She also counsels “Romanian girls who are initially romanced by men that turn out to be traffickers.” A man will have many women he calls “wives,” and each one has a baby with him, “The women give him all their money to support the baby who he keeps as a form of collateral in Romania,” Schoultz said.
(Shoultz turned down JTA’s request for contacts of sex workers she has helped, noting that this would violate L’Chaim’s promise of confidentiality).
The Czech Republic’s leading anti-trafficking organization, La Strada, takes a different orientation towards sex work than L’Chaim, focusing on it more as a legitimate profession that should be organized and regulated.
“We believe women are fully able to decide for themselves if they want to be sex workers and our goal is to provide safety for those who do so, to help them organize, fight stigma and have the rights of all other workers,” said Marketa Hronkova, La Strada’s director.
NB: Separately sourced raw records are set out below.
Lemma odd_count_step3 v : v \notin Vset k (i - 1) ->
  odd (count (fun F => v \in sigma F) (flatten [seq ins.2 | ins <- instr3 k i S])) =
  odd (count (fun ins => ins.1 == v) (instr3 k i S)).
Proof.
move=> vV; rewrite count_flatten sumnE !big_map count_sum.
apply: eq_odd_sum => ins /flattenP[_ /mapP[c cB ->]] /odd_count_sigma_step3->.
suff /negPf-> : c != v by rewrite addbF oddb.
by apply: contraNneq vV => <-; rewrite -mem_enum.
Qed.

Lemma mem_sigma_output v : v \notin Vset k (i - 1) ->
  (v \in sigma (reduction_output k i S)) = (v \in S).
Proof.
move=> vV; rewrite /reduction_output sigma_odd_count /all_flips !count_cat !oddD.
rewrite odd_count_step1 odd_count_step2 odd_count_step3 // count_shifts vV andbT oddb.
rewrite !odd_leq1 ?pairs1_degree_le1 ?pairs2_degree_le1 // -!has_pair_degree.
by rewrite mem_S_step1 mem_S1_step2.
Qed.

End Reduction.

Theorem proposition1 (k i : nat) (S : {set Vtx k}) :
  (1 <= i <= k)%N -> S \subset Vset k i ->
  (* Step 1: no vertex is paired with more than one other vertex *)
  (forall u : Vtx k, #|[set v | paired_in (pairs1 k i S) u v]| <= 1)%N /\
  (* Step 2: same, with the syndrome set after Step 1 *)
  (forall u : Vtx k, #|[set v | paired_in (pairs2 k i S) u v]| <= 1)%N /\
  (* Step 3: no vertex is shifted more than once *)
  (forall v : Vtx k, count (fun ins => ins.1 == v) (instr3 k i S) <= 1)%N /\
  (* S Δ sigma(e_i) ⊆ V_{i-1} *)
  symd S (sigma (reduction_output k i S)) \subset Vset k (i - 1).
Proof.
move=> i_range S_sub; split; [|split; [|split]].
- move=> u; apply: leq_trans (card_partners_le_degree _ u) _.
  exact: pairs1_degree_le1.
- move=> u; apply: leq_trans (card_partners_le_degree _ u) _.
  exact: pairs2_degree_le1.
- by move=> v; rewrite count_shifts // leq_b1.
apply/subsetP => v; apply: contraLR => vV.
by rewrite /symd in_setU !in_setD mem_sigma_output // andNb.
Qed.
La Strada defines trafficking strictly as those who are physically coerced or blackmailed into providing labor.
Hronkova said there are many sex workers who choose their profession willingly and that it is patronizing and often damaging when those who say they want to help focus exclusively on “pushing women to exit a path they have chosen, as if they have no minds of their own.”
The alternative to sex work, for a single mother, can often put her in an even worse financial situation, she noted. “Our goal is to make sex work safe, not to get women to stop doing it,” said Hromkova.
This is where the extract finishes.